YOUR TASK |
Return each line below holding the string "realType".

THE RECORDS |
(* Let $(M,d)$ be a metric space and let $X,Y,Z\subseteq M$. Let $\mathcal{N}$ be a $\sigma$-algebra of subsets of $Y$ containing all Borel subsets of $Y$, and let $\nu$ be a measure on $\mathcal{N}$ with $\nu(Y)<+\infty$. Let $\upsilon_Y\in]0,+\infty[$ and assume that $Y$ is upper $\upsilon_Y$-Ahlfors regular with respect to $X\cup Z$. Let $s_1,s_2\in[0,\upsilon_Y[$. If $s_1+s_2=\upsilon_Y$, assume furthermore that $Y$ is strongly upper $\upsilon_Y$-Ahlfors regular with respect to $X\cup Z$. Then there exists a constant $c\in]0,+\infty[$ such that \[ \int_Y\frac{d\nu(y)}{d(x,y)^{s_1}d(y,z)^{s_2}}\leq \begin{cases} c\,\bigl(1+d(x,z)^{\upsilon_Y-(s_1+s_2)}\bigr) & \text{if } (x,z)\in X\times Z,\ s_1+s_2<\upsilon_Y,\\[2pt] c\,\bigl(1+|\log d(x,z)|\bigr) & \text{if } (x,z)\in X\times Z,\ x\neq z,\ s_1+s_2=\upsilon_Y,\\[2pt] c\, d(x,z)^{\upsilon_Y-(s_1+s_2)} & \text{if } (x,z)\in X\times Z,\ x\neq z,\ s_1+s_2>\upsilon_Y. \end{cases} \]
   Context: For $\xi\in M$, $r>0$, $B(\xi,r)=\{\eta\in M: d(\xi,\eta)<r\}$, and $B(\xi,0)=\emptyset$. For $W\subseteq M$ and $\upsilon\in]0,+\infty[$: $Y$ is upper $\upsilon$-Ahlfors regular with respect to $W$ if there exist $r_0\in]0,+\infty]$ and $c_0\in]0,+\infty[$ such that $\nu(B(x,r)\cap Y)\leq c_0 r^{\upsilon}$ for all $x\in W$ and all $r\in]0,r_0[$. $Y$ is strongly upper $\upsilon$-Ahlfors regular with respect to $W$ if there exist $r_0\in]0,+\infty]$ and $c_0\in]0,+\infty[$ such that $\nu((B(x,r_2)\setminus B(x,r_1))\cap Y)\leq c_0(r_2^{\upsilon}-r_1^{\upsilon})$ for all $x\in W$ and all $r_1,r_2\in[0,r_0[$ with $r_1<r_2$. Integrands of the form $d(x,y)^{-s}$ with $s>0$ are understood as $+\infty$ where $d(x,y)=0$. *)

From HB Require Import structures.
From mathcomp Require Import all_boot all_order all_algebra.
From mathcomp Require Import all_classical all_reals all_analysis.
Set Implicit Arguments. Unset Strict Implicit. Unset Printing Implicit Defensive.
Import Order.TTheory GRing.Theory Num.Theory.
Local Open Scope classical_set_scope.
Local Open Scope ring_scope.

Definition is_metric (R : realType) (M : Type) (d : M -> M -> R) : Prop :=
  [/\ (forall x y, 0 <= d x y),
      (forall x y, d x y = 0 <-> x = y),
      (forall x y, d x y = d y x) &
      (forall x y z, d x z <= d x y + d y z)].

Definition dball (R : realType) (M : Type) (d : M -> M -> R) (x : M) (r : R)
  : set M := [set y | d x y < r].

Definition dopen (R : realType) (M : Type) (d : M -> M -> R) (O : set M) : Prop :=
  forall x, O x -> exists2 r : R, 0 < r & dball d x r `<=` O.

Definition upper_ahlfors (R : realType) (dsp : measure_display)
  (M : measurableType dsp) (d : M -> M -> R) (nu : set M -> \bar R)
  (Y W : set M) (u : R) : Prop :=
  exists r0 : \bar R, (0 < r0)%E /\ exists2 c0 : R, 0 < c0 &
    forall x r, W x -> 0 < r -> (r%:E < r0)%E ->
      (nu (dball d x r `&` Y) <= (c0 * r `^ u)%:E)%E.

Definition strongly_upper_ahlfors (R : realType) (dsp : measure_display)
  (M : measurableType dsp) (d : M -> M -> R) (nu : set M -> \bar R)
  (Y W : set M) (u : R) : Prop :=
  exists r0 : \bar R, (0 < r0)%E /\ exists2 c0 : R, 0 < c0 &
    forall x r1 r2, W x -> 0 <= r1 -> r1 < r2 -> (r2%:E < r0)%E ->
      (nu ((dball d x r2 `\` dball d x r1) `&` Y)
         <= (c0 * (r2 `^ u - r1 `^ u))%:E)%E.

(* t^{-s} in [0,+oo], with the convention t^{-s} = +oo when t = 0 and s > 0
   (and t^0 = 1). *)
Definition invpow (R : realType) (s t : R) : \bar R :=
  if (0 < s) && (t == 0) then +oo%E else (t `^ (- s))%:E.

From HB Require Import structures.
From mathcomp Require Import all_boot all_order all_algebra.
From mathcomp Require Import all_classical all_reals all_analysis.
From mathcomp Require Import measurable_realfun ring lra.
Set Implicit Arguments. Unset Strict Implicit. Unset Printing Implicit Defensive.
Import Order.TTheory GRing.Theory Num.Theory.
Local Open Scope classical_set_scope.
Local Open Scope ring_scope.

ANSWER TO THIS TASK |
Definition is_metric (R : realType) (M : Type) (d : M -> M -> R) : Prop :=
Definition dball (R : realType) (M : Type) (d : M -> M -> R) (x : M) (r : R)
Definition dopen (R : realType) (M : Type) (d : M -> M -> R) (O : set M) : Prop :=
Definition upper_ahlfors (R : realType) (dsp : measure_display)
Definition strongly_upper_ahlfors (R : realType) (dsp : measure_display)
Definition invpow (R : realType) (s t : R) : \bar R :=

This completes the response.